• WORK INSTRUCTION
Only the lines with "calU" in them need to be copied from the listing.
————
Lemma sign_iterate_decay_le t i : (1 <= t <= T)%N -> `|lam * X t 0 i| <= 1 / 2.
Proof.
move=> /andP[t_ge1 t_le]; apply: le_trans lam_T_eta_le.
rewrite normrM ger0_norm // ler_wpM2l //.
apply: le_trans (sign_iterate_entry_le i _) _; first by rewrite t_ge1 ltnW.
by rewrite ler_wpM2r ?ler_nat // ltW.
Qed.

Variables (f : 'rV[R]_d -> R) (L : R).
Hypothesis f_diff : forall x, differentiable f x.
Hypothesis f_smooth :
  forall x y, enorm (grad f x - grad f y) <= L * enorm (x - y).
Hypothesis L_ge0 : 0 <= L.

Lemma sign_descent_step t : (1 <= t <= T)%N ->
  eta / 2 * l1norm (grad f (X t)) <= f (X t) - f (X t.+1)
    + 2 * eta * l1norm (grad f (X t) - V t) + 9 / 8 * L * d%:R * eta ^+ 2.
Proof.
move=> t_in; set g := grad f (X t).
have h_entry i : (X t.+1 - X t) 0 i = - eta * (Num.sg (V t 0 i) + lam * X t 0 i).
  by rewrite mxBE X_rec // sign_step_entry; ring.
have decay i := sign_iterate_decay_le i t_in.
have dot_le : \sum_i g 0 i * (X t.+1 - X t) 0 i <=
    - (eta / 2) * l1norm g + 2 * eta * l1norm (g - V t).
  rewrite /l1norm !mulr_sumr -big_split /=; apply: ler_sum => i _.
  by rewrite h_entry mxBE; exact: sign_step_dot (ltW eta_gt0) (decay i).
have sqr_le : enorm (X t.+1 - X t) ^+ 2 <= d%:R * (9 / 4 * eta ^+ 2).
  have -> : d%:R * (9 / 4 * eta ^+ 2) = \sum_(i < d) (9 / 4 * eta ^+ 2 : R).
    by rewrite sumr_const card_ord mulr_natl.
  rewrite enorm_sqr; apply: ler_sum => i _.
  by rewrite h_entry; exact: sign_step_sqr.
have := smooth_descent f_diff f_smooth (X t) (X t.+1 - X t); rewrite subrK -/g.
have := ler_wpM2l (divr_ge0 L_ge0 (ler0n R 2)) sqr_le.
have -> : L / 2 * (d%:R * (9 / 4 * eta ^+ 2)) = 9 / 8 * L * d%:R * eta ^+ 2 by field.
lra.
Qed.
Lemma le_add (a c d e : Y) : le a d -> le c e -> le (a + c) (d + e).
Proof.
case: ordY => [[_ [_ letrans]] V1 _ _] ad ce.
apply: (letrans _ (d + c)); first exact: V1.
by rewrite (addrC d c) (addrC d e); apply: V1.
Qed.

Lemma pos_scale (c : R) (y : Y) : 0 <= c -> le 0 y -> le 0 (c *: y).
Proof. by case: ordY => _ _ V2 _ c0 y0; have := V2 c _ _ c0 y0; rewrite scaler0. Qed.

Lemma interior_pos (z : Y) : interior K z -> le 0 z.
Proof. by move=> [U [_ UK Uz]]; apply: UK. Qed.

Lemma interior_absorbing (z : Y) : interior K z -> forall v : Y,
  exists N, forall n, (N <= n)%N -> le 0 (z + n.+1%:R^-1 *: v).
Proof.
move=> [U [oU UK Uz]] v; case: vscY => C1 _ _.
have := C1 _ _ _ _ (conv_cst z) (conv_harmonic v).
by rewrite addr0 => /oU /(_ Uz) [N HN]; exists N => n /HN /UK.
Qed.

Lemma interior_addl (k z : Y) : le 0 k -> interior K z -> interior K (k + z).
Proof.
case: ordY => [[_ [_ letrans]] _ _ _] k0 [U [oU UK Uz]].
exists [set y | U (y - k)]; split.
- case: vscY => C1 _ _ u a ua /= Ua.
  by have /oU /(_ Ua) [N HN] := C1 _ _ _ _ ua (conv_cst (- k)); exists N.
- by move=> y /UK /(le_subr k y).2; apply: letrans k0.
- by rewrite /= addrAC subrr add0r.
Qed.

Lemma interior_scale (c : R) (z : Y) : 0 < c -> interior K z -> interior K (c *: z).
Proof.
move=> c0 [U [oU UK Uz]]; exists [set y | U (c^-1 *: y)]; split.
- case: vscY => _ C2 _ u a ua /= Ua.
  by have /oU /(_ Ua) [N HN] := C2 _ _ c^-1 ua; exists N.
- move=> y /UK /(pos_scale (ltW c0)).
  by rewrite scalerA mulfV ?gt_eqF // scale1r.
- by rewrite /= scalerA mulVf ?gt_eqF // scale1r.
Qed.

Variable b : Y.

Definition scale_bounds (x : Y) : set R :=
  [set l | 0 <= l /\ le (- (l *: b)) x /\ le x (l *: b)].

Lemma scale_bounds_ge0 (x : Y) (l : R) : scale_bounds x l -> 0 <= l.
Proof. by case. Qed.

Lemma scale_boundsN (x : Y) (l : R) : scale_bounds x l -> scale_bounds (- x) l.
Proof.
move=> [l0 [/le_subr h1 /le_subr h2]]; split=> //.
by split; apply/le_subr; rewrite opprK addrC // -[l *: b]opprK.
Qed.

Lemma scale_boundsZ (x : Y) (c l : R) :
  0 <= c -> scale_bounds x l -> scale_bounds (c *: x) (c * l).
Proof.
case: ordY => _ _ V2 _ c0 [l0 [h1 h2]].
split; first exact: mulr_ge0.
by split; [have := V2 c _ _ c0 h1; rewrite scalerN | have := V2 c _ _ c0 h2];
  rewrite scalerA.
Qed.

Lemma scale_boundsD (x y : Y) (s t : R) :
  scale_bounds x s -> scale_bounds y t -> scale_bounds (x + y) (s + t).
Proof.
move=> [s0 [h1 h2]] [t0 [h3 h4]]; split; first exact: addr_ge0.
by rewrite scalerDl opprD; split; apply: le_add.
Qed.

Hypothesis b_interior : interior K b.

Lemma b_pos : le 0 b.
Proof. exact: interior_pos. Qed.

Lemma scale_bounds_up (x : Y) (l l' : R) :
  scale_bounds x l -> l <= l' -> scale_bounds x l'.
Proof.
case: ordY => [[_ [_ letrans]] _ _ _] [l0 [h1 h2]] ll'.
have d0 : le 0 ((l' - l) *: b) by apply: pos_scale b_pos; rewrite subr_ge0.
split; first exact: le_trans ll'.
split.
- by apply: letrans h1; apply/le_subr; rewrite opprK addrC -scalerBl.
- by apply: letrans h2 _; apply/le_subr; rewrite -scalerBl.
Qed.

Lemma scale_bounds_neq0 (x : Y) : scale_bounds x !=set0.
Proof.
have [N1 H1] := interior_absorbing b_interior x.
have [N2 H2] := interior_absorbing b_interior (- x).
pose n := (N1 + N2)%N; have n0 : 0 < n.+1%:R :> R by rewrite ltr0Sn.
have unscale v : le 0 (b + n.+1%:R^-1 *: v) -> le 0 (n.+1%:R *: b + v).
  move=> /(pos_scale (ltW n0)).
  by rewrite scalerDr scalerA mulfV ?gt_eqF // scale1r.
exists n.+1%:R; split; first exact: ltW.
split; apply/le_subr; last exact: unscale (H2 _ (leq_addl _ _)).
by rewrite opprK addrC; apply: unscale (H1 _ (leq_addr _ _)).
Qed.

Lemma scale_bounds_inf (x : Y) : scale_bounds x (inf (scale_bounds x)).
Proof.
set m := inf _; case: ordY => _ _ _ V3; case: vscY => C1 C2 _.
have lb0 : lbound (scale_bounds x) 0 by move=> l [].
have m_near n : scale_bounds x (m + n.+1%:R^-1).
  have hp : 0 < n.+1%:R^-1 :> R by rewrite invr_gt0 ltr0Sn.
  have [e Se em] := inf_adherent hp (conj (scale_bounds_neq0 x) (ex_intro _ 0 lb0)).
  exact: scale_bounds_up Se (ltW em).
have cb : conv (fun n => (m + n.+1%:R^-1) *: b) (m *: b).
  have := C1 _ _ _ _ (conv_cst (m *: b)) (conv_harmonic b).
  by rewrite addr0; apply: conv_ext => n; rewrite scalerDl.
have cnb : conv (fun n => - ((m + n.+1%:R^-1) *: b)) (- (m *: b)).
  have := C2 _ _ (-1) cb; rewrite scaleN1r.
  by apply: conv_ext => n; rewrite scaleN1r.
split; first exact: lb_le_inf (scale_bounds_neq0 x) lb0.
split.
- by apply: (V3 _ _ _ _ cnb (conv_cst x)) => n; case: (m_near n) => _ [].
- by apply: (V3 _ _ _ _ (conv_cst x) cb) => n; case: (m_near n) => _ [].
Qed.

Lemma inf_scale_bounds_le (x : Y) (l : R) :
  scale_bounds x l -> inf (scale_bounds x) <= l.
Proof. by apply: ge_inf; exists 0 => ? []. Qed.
————
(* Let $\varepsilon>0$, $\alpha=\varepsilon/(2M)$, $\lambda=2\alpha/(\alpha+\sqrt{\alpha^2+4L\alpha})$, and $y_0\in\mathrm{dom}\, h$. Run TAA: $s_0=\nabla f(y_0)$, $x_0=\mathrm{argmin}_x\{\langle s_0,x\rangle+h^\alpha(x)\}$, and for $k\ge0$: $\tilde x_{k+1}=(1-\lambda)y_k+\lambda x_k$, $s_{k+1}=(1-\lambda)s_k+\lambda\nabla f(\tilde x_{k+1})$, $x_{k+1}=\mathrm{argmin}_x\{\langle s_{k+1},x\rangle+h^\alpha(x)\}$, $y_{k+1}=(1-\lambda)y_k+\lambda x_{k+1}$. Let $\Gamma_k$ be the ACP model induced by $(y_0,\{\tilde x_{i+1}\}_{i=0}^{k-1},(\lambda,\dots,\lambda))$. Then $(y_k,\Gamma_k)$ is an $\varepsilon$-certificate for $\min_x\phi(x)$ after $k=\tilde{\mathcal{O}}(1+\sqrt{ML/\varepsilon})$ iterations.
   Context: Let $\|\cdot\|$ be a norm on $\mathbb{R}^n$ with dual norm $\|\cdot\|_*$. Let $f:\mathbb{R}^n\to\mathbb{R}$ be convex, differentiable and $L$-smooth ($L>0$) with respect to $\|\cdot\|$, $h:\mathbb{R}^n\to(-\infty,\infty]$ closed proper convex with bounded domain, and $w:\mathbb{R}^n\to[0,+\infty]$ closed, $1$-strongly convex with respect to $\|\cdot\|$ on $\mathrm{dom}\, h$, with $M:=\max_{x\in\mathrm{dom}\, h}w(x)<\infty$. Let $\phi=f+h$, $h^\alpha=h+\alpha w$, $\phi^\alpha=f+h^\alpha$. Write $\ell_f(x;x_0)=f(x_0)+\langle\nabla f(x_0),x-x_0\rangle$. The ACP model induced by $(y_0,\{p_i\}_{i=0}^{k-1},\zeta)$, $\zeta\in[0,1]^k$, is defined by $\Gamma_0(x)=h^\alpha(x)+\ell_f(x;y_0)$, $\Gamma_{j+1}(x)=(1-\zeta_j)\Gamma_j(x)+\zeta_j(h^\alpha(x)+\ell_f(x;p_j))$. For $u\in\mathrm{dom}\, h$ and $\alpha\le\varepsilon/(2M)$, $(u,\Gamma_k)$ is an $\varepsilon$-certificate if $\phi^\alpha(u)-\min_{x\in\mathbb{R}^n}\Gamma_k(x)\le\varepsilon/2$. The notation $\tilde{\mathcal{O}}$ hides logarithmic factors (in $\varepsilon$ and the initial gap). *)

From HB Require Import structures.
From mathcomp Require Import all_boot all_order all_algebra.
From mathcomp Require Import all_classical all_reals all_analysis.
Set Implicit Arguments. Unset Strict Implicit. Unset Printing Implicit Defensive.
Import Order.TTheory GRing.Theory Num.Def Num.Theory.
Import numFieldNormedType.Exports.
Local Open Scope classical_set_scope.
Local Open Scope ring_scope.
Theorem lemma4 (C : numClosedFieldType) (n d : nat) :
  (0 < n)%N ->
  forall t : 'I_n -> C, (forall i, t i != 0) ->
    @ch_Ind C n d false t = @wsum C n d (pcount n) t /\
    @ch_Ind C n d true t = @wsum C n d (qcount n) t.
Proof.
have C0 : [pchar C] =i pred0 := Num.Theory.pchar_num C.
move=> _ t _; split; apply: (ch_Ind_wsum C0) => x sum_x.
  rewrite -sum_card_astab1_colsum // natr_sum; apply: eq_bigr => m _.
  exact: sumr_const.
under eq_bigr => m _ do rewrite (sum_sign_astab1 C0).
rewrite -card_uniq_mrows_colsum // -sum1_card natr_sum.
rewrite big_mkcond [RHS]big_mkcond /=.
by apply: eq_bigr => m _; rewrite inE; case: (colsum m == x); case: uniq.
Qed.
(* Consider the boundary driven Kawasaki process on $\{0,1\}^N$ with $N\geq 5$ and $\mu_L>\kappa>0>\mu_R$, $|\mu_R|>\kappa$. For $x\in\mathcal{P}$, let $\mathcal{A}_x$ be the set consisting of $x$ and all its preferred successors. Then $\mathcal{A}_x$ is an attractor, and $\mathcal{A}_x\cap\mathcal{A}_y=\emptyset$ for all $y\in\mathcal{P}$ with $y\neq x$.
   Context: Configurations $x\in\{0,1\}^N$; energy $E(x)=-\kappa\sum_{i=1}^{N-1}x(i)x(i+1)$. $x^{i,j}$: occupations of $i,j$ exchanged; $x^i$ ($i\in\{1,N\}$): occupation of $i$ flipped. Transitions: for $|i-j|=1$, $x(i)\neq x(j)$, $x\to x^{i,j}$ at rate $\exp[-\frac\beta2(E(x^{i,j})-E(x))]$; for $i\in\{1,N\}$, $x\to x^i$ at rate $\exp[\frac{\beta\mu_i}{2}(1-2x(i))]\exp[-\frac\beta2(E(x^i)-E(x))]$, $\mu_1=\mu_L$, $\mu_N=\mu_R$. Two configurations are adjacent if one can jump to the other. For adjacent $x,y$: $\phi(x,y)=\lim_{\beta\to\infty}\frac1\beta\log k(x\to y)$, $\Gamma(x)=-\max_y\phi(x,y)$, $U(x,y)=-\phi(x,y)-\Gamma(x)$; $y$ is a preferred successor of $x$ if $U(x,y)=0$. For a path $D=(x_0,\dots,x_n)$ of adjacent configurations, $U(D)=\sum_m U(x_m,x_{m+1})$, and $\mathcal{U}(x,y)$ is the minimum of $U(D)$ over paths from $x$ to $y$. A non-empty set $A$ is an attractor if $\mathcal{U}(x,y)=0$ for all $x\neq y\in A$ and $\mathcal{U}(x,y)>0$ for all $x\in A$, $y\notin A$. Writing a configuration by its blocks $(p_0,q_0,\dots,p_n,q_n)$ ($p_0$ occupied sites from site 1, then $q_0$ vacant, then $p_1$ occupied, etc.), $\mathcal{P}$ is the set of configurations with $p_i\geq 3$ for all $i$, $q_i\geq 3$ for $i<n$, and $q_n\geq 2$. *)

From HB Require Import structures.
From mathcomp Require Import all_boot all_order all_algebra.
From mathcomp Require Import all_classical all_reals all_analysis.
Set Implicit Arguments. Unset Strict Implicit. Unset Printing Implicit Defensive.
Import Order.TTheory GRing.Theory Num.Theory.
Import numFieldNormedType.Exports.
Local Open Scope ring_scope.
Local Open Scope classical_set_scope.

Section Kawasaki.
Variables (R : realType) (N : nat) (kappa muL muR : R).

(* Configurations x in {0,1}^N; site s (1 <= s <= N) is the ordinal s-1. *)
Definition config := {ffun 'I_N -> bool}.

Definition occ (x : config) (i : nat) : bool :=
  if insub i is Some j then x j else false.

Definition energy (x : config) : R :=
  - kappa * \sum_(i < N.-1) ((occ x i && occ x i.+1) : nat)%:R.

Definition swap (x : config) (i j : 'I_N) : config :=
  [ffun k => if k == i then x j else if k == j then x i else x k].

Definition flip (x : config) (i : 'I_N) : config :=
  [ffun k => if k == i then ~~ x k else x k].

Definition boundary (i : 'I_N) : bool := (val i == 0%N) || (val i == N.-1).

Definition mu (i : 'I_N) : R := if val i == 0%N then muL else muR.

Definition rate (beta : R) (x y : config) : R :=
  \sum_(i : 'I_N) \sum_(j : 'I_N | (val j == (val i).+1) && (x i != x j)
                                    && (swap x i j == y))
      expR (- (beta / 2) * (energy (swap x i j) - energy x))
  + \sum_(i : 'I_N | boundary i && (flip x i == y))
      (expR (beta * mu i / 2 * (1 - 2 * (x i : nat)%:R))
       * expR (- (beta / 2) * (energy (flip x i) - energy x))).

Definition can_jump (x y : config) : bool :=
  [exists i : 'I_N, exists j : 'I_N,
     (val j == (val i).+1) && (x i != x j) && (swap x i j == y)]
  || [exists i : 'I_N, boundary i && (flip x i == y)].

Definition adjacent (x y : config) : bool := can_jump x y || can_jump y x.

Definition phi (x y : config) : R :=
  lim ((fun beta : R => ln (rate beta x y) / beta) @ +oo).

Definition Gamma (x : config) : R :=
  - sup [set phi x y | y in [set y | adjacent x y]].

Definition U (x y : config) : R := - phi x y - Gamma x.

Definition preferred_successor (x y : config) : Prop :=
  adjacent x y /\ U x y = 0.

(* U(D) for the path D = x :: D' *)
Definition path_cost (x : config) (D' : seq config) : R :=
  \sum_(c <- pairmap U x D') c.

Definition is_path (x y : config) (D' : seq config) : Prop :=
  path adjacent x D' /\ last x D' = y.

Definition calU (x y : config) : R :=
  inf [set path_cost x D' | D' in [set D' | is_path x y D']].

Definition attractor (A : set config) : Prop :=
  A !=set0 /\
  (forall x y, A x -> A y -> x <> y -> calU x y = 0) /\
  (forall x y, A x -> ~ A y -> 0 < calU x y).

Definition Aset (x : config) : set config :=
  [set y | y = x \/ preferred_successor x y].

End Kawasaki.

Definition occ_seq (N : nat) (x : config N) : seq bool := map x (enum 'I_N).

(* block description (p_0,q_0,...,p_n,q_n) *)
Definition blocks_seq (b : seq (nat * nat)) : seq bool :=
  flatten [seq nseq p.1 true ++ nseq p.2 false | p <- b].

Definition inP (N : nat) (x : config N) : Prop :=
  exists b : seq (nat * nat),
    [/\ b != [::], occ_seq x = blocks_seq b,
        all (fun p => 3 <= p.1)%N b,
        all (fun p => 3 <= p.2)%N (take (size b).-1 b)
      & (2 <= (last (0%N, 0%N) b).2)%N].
————
• ANSWER SECTION
Definition calU (x y : config) : R :=
  (forall x y, A x -> A y -> x <> y -> calU x y = 0) /\
  (forall x y, A x -> ~ A y -> 0 < calU x y).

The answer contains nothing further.